Dataset excerpts:
(* The following identities hold: \begin{align*}\sum_{k=1}^\infty\frac{5929k^2-4675k+914}{k(-2)^k\binom{4k}k}&=-189-30\log2, \\\sum_{k=1}^\infty\frac{39083k^2-31627k+5624}{k(-24)^k\binom{4k}k}&=40\log\frac23-117, \\\sum_{k=1}^\infty\frac{475397k^2-335665k+55072}{k(-192)^k\binom{4k}k}&=160\log\frac34-207. \end{align*} *)

From Stdlib Require Import Reals.
From Coquelicot Require Import Coquelicot.
Open Scope R_scope.

Definition binom4 (k : nat) : R := Binomial.C (4 * k) k.

Definition sterm (a b c m : R) (k : nat) : R :=
  (a * (INR k)^2 + b * INR k + c) / (INR k * m ^ k * binom4 k).

From Stdlib Require Import Reals Factorial Lra Lia.
From Coquelicot Require Import Coquelicot.
Open Scope R_scope.

(* The Beta integral gives 1 / (k binom(4k,k)) = int_0^1 x^(k-1) (1-x)^(3k) dx, so with
   t = x (1-x)^3 / m each series is the integral over [0,1] of (1-x)^3/m times
   sum_(n >= 0) P(n+1) t^n, a rational function of t with denominator (1-t)^3.  For
   m <= -2 we have -1/8 <= t <= 0, so the tail after N terms is O(N^2 8^-N) uniformly
   on [0,1] and summation and integration commute.  The three resulting rational
   integrals are evaluated through explicit elementary antiderivatives. *)

Lemma is_RInt_derive_R (f df : R -> R) (a b : R) :
  (forall x, Rmin a b <= x <= Rmax a b -> is_derive f x (df x)) ->
  (forall x, Rmin a b <= x <= Rmax a b -> continuous df x) ->
  is_RInt df a b (f b - f a).
Proof. exact (is_RInt_derive f df a b). Qed.

Lemma is_RInt_beta (p q : nat) :
  is_RInt (fun x => x ^ p * (1 - x) ^ q) 0 1
    (INR (fact p) * INR (fact q) / INR (fact (p + q + 1))).
Proof.
assert (Hp : forall n, INR n + 1 <> 0) by (intros n; pose proof (pos_INR n); lra).
(* auto_derive unfolds INR (S n) into this match. *)
assert (HS : forall n, match n with 0%nat => 1 | S _ => INR n + 1 end = INR n + 1)
  by exact S_INR.
assert (Hf : forall n, INR (fact n) <> 0) by (intros n; apply not_0_INR, fact_neq_0).
revert p; induction q as [|q IH]; intros p.
- replace (p + 0 + 1)%nat with (S p) by lia.
  set (F x := x ^ S p / (INR p + 1)).
  replace (INR (fact p) * INR (fact 0) / INR (fact (S p))) with (F 1 - F 0).
  + apply is_RInt_derive_R; intros x _.
    * unfold F. auto_derive; [easy|]. rewrite HS. field. apply Hp.
    * apply (ex_derive_continuous (V := R_NormedModule)). auto_derive. easy.
  + unfold F. rewrite pow1, pow_i, fact_simpl, mult_INR, S_INR by lia. simpl (INR (fact 0)).
    field. split; auto.
- set (c := (INR q + 1) / (INR p + 1)).
  set (F x := x ^ S p * (1 - x) ^ S q / (INR p + 1)).
  assert (Hparts : is_RInt (fun x => x ^ p * (1 - x) ^ S q - c * (x ^ S p * (1 - x) ^ q)) 0 1
                     (F 1 - F 0)).
  { apply is_RInt_derive_R; intros x _.
    - (* auto_derive writes 1 - x as 1 + - x, a different atom for field under ^ q. *)
      unfold F, c. auto_derive; [easy|]. rewrite !HS. fold (1 - x). simpl pow. field. apply Hp.
    - apply (ex_derive_continuous (V := R_NormedModule)). auto_derive. easy. }
  assert (Hrest : is_RInt (fun x => c * (x ^ S p * (1 - x) ^ q)) 0 1
     (c * (INR (fact (S p)) * INR (fact q) / INR (fact (S p + q + 1)))))
    by exact (is_RInt_scal _ _ _ c _ (IH (S p))).
  eapply is_RInt_ext; [| replace (INR (fact p) * INR (fact (S q)) / INR (fact (p + S q + 1)))
     with ((F 1 - F 0) + c * (INR (fact (S p)) * INR (fact q) / INR (fact (S p + q + 1))));
     [exact (is_RInt_plus _ _ _ _ _ _ Hparts Hrest)|]].
  + intros x _. cbn -[pow]. ring.
  + unfold F, c. replace (S p + q + 1)%nat with (p + S q + 1)%nat by lia.
    rewrite !fact_simpl, !mult_INR, !S_INR. simpl pow.
    field. split; auto.
Qed.

Lemma is_RInt_sum_n (f : nat -> R -> R) (I : nat -> R) (a b : R) (N : nat) :
  (forall n, is_RInt (f n) a b (I n)) ->
  is_RInt (fun x => sum_n (fun n => f n x) N) a b (sum_n I N).
Proof.
intros Hf. induction N as [|N IH].
- rewrite sum_O. apply (is_RInt_ext (f 0%nat)); [intros x _; rewrite sum_O; easy | apply Hf].
- rewrite sum_Sn.
  apply (is_RInt_ext (fun x => plus (sum_n (fun n => f n x) N) (f (S N) x)));
    [intros x _; rewrite sum_Sn; easy | apply (is_RInt_plus _ _ _ _ _ _ IH (Hf (S N)))].
Qed.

| Brief |
All the entries above must be repeated exactly as they were given.

| Response to the exercise |
(* The following identities hold: \begin{align*}\sum_{k=1}^\infty\frac{5929k^2-4675k+914}{k(-2)^k\binom{4k}k}&=-189-30\log2, \\\sum_{k=1}^\infty\frac{39083k^2-31627k+5624}{k(-24)^k\binom{4k}k}&=40\log\frac23-117, \\\sum_{k=1}^\infty\frac{475397k^2-335665k+55072}{k(-192)^k\binom{4k}k}&=160\log\frac34-207. \end{align*} *)

From Stdlib Require Import Reals.
From Coquelicot Require Import Coquelicot.
Open Scope R_scope.

Definition binom4 (k : nat) : R := Binomial.C (4 * k) k.

Definition sterm (a b c m : R) (k : nat) : R :=
  (a * (INR k)^2 + b * INR k + c) / (INR k * m ^ k * binom4 k).

From Stdlib Require Import Reals Factorial Lra Lia.
From Coquelicot Require Import Coquelicot.
Open Scope R_scope.

(* The Beta integral gives 1 / (k binom(4k,k)) = int_0^1 x^(k-1) (1-x)^(3k) dx, so with
   t = x (1-x)^3 / m each series is the integral over [0,1] of (1-x)^3/m times
   sum_(n >= 0) P(n+1) t^n, a rational function of t with denominator (1-t)^3.  For
   m <= -2 we have -1/8 <= t <= 0, so the tail after N terms is O(N^2 8^-N) uniformly
   on [0,1] and summation and integration commute.  The three resulting rational
   integrals are evaluated through explicit elementary antiderivatives. *)

Lemma is_RInt_derive_R (f df : R -> R) (a b : R) :
  (forall x, Rmin a b <= x <= Rmax a b -> is_derive f x (df x)) ->
  (forall x, Rmin a b <= x <= Rmax a b -> continuous df x) ->
  is_RInt df a b (f b - f a).
Proof. exact (is_RInt_derive f df a b). Qed.

Lemma is_RInt_beta (p q : nat) :
  is_RInt (fun x => x ^ p * (1 - x) ^ q) 0 1
    (INR (fact p) * INR (fact q) / INR (fact (p + q + 1))).
Proof.
assert (Hp : forall n, INR n + 1 <> 0) by (intros n; pose proof (pos_INR n); lra).
(* auto_derive unfolds INR (S n) into this match. *)
assert (HS : forall n, match n with 0%nat => 1 | S _ => INR n + 1 end = INR n + 1)
  by exact S_INR.
assert (Hf : forall n, INR (fact n) <> 0) by (intros n; apply not_0_INR, fact_neq_0).
revert p; induction q as [|q IH]; intros p.
- replace (p + 0 + 1)%nat with (S p) by lia.
  set (F x := x ^ S p / (INR p + 1)).
  replace (INR (fact p) * INR (fact 0) / INR (fact (S p))) with (F 1 - F 0).
  + apply is_RInt_derive_R; intros x _.
    * unfold F. auto_derive; [easy|]. rewrite HS. field. apply Hp.
    * apply (ex_derive_continuous (V := R_NormedModule)). auto_derive. easy.
  + unfold F. rewrite pow1, pow_i, fact_simpl, mult_INR, S_INR by lia. simpl (INR (fact 0)).
    field. split; auto.
- set (c := (INR q + 1) / (INR p + 1)).
  set (F x := x ^ S p * (1 - x) ^ S q / (INR p + 1)).
  assert (Hparts : is_RInt (fun x => x ^ p * (1 - x) ^ S q - c * (x ^ S p * (1 - x) ^ q)) 0 1
                     (F 1 - F 0)).
  { apply is_RInt_derive_R; intros x _.
    - (* auto_derive writes 1 - x as 1 + - x, a different atom for field under ^ q. *)
      unfold F, c. auto_derive; [easy|]. rewrite !HS. fold (1 - x). simpl pow. field. apply Hp.
    - apply (ex_derive_continuous (V := R_NormedModule)). auto_derive. easy. }
  assert (Hrest : is_RInt (fun x => c * (x ^ S p * (1 - x) ^ q)) 0 1
     (c * (INR (fact (S p)) * INR (fact q) / INR (fact (S p + q + 1)))))
    by exact (is_RInt_scal _ _ _ c _ (IH (S p))).
  eapply is_RInt_ext; [| replace (INR (fact p) * INR (fact (S q)) / INR (fact (p + S q + 1)))
     with ((F 1 - F 0) + c * (INR (fact (S p)) * INR (fact q) / INR (fact (S p + q + 1))));
     [exact (is_RInt_plus _ _ _ _ _ _ Hparts Hrest)|]].
  + intros x _. cbn -[pow]. ring.
  + unfold F, c. replace (S p + q + 1)%nat with (p + S q + 1)%nat by lia.
    rewrite !fact_simpl, !mult_INR, !S_INR. simpl pow.
    field. split; auto.
Qed.

Lemma is_RInt_sum_n (f : nat -> R -> R) (I : nat -> R) (a b : R) (N : nat) :
  (forall n, is_RInt (f n) a b (I n)) ->
  is_RInt (fun x => sum_n (fun n => f n x) N) a b (sum_n I N).
Proof.
intros Hf. induction N as [|N IH].
- rewrite sum_O. apply (is_RInt_ext (f 0%nat)); [intros x _; rewrite sum_O; easy | apply Hf].
- rewrite sum_Sn.
  apply (is_RInt_ext (fun x => plus (sum_n (fun n => f n x) N) (f (S N) x)));
    [intros x _; rewrite sum_Sn; easy | apply (is_RInt_plus _ _ _ _ _ _ IH (Hf (S N)))].
Qed.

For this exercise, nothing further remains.